--- What is needed ---
Look below for the line holding "P *m perm_mx s^-1 *m" and the line holding "perm_eq [seq f". Transcribe exactly those lines and all lines between them, nothing more.
· · · · ·
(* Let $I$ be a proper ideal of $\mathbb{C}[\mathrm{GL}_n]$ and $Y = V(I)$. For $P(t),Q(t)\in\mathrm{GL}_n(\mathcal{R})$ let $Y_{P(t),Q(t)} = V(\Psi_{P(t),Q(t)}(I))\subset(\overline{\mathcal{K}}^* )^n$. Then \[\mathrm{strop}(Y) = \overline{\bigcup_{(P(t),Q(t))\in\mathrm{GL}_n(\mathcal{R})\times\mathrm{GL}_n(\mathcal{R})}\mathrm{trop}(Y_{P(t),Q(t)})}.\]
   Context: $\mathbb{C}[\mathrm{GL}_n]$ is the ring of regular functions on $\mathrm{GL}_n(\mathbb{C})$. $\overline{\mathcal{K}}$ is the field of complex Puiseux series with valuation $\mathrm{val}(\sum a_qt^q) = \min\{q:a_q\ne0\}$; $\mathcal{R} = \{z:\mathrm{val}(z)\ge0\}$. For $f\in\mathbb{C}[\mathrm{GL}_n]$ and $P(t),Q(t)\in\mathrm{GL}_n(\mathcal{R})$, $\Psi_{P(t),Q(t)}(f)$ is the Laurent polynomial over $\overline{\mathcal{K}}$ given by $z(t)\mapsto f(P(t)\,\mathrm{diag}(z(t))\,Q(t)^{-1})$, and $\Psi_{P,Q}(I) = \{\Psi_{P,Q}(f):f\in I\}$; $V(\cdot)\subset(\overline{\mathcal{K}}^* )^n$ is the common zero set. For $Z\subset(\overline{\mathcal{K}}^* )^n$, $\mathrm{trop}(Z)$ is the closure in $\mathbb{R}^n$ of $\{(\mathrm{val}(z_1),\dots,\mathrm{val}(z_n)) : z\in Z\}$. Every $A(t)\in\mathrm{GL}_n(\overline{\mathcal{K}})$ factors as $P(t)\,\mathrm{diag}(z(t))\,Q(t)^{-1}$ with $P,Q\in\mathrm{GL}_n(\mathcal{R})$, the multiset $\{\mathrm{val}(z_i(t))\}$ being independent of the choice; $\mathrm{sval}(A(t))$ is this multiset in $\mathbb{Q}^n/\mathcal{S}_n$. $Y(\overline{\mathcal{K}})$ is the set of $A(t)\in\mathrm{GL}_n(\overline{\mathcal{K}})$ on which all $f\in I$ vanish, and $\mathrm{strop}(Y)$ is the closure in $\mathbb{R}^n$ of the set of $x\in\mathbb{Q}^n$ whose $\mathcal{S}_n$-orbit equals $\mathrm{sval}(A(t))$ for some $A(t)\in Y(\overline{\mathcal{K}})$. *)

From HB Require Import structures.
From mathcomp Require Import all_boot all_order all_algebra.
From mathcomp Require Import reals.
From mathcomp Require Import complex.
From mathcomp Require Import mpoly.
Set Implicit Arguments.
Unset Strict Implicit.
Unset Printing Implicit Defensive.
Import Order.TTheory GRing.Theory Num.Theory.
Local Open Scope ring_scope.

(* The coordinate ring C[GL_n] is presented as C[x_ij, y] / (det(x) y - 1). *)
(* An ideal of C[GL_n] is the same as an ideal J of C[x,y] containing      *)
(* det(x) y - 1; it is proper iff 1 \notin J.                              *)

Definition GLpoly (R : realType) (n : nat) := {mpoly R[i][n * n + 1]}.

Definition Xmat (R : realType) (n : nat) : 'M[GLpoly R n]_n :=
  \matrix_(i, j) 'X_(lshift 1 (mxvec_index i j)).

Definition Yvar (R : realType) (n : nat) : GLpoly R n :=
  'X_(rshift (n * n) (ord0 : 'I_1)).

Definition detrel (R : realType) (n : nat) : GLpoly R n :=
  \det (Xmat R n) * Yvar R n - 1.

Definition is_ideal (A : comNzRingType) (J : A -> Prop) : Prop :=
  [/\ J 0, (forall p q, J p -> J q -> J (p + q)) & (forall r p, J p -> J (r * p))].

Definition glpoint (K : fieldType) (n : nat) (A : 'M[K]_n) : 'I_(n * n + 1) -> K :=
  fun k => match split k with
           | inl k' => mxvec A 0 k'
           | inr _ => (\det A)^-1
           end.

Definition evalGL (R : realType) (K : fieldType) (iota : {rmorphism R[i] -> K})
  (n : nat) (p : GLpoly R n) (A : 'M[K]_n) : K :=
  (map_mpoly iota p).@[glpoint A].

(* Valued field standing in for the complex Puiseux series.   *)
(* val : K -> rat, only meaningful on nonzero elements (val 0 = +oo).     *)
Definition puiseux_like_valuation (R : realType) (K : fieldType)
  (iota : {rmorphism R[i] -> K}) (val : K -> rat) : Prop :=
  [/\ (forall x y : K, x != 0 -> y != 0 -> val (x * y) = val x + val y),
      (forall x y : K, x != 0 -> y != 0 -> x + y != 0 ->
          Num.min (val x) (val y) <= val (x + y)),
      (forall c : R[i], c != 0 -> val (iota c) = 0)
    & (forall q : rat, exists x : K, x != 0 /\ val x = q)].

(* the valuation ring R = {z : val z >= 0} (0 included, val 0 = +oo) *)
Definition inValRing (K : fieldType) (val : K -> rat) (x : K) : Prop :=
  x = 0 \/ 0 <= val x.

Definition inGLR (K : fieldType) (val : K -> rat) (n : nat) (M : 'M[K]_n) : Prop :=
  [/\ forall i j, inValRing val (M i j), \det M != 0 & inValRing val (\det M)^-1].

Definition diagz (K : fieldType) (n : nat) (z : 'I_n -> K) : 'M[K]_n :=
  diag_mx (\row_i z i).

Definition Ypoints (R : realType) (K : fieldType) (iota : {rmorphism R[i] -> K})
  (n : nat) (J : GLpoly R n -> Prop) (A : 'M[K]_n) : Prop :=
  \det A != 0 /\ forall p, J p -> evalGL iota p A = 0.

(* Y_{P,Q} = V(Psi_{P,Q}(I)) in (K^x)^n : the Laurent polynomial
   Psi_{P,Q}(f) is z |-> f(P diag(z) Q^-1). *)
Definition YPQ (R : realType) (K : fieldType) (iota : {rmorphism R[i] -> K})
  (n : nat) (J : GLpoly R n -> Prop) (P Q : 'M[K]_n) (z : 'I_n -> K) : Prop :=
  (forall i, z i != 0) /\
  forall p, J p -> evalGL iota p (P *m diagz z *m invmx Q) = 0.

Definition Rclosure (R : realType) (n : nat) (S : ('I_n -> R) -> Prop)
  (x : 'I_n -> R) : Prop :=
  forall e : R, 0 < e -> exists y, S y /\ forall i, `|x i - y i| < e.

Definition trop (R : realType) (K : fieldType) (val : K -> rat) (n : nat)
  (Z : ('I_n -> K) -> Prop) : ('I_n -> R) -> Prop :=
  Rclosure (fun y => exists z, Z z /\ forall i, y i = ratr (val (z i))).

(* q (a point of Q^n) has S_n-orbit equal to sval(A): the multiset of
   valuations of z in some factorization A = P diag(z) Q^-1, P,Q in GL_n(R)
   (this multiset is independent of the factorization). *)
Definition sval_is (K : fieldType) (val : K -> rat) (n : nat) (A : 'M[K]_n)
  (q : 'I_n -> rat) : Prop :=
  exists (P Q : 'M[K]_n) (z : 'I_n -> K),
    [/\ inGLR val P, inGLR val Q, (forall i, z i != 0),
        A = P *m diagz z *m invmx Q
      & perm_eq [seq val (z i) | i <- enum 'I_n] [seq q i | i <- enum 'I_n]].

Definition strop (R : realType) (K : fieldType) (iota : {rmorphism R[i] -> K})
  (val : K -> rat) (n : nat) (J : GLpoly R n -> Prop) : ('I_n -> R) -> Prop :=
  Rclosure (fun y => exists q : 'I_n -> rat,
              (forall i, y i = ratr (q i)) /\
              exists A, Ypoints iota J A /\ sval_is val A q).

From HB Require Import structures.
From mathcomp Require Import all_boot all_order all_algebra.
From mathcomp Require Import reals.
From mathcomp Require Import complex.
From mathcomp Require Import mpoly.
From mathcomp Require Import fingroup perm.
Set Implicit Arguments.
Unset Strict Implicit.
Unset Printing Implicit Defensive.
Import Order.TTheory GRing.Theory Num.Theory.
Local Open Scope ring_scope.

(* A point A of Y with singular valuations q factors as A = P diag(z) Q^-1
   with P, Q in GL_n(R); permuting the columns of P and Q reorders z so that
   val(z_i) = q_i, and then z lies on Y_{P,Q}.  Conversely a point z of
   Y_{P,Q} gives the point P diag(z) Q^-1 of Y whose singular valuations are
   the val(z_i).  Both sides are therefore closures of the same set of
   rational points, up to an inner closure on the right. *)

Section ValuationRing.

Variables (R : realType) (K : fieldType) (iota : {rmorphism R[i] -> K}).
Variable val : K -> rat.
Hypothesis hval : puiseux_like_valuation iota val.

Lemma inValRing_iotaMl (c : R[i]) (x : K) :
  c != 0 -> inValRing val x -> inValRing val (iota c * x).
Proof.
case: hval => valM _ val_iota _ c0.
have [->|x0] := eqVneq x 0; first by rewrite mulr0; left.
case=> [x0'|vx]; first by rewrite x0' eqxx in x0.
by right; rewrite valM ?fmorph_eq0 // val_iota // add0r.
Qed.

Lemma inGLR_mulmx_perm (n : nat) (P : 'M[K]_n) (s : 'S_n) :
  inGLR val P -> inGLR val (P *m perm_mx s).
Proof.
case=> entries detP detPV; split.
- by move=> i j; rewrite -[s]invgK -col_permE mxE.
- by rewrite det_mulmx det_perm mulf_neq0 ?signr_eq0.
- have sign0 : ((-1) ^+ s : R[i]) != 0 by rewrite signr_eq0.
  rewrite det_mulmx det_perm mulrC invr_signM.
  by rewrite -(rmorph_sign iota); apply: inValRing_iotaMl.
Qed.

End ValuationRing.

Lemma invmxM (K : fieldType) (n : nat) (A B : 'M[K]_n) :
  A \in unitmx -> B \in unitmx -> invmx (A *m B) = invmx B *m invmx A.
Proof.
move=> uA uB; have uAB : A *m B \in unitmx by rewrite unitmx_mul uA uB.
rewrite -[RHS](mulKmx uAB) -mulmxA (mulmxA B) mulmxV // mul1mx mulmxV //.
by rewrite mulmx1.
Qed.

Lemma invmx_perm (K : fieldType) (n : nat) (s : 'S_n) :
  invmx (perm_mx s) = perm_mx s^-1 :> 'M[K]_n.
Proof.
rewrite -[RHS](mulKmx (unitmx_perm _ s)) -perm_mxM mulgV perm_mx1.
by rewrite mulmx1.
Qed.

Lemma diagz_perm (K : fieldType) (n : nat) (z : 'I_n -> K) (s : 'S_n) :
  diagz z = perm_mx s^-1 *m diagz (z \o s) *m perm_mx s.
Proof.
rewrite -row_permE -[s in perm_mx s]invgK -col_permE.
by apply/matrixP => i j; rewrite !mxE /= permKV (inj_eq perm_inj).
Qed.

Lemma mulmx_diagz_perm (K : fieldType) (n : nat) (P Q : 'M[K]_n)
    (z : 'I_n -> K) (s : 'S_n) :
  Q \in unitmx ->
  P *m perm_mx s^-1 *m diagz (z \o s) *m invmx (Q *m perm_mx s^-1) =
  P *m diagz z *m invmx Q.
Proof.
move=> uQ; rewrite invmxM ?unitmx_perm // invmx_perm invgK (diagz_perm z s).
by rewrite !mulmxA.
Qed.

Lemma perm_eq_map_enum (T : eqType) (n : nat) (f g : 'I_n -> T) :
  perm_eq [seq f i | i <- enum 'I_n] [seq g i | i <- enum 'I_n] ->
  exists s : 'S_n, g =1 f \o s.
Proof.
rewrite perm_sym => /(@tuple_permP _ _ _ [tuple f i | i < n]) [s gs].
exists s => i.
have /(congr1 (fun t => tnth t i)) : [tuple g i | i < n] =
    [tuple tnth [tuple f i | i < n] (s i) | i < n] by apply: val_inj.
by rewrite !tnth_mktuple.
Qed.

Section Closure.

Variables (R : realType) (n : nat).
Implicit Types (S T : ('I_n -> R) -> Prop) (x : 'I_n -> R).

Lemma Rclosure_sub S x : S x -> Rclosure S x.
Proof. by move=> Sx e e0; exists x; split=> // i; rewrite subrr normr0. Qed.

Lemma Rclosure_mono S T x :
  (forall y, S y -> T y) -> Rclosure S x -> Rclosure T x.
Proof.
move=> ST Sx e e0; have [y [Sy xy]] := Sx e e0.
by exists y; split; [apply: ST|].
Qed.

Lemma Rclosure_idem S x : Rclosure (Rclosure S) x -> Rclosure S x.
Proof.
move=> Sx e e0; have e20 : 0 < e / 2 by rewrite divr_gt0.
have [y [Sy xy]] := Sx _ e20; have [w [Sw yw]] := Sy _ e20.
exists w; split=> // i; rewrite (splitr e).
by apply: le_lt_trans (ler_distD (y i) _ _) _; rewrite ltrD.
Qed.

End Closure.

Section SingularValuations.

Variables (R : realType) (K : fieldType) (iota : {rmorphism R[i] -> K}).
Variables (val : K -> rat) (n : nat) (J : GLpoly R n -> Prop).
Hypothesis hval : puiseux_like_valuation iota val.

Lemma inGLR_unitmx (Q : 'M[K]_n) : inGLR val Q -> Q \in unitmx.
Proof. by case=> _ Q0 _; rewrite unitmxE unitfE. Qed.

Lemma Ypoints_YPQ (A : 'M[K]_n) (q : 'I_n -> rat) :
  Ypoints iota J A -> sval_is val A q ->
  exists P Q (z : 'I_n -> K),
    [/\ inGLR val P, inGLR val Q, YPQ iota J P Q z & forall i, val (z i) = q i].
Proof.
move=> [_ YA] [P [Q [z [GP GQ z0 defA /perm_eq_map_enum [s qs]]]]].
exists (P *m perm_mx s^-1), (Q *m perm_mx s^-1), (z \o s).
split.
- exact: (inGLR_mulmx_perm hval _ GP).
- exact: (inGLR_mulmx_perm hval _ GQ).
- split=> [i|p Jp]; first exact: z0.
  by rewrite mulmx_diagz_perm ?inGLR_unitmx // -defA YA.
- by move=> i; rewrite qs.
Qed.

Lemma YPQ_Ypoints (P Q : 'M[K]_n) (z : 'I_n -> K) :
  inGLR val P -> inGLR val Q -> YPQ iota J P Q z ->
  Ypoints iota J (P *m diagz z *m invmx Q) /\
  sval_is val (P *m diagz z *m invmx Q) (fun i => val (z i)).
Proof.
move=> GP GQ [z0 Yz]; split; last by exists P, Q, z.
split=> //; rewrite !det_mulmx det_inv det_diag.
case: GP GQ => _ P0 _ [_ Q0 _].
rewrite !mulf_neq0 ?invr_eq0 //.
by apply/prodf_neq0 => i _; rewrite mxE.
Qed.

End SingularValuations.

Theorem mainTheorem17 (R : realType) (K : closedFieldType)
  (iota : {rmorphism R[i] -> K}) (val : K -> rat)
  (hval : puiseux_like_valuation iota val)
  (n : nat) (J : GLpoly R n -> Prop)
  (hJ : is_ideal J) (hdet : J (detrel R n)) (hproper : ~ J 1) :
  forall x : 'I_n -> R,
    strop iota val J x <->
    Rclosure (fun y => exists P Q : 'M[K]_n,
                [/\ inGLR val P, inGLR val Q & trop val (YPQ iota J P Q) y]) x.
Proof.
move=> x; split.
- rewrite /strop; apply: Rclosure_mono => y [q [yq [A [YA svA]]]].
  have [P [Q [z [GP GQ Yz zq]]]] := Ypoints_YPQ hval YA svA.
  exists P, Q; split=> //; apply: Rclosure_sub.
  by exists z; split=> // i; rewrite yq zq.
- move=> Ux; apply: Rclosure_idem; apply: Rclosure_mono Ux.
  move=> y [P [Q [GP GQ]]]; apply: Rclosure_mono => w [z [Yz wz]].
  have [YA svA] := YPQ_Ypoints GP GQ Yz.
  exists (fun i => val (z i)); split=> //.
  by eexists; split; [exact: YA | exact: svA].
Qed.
· · · · ·
--- Response box ---
  P *m perm_mx s^-1 *m diagz (z \o s) *m invmx (Q *m perm_mx s^-1) =
  P *m diagz z *m invmx Q.
Proof.
move=> uQ; rewrite invmxM ?unitmx_perm // invmx_perm invgK (diagz_perm z s).
by rewrite !mulmxA.
Qed.

Lemma perm_eq_map_enum (T : eqType) (n : nat) (f g : 'I_n -> T) :
  perm_eq [seq f i | i <- enum 'I_n] [seq g i | i <- enum 'I_n] ->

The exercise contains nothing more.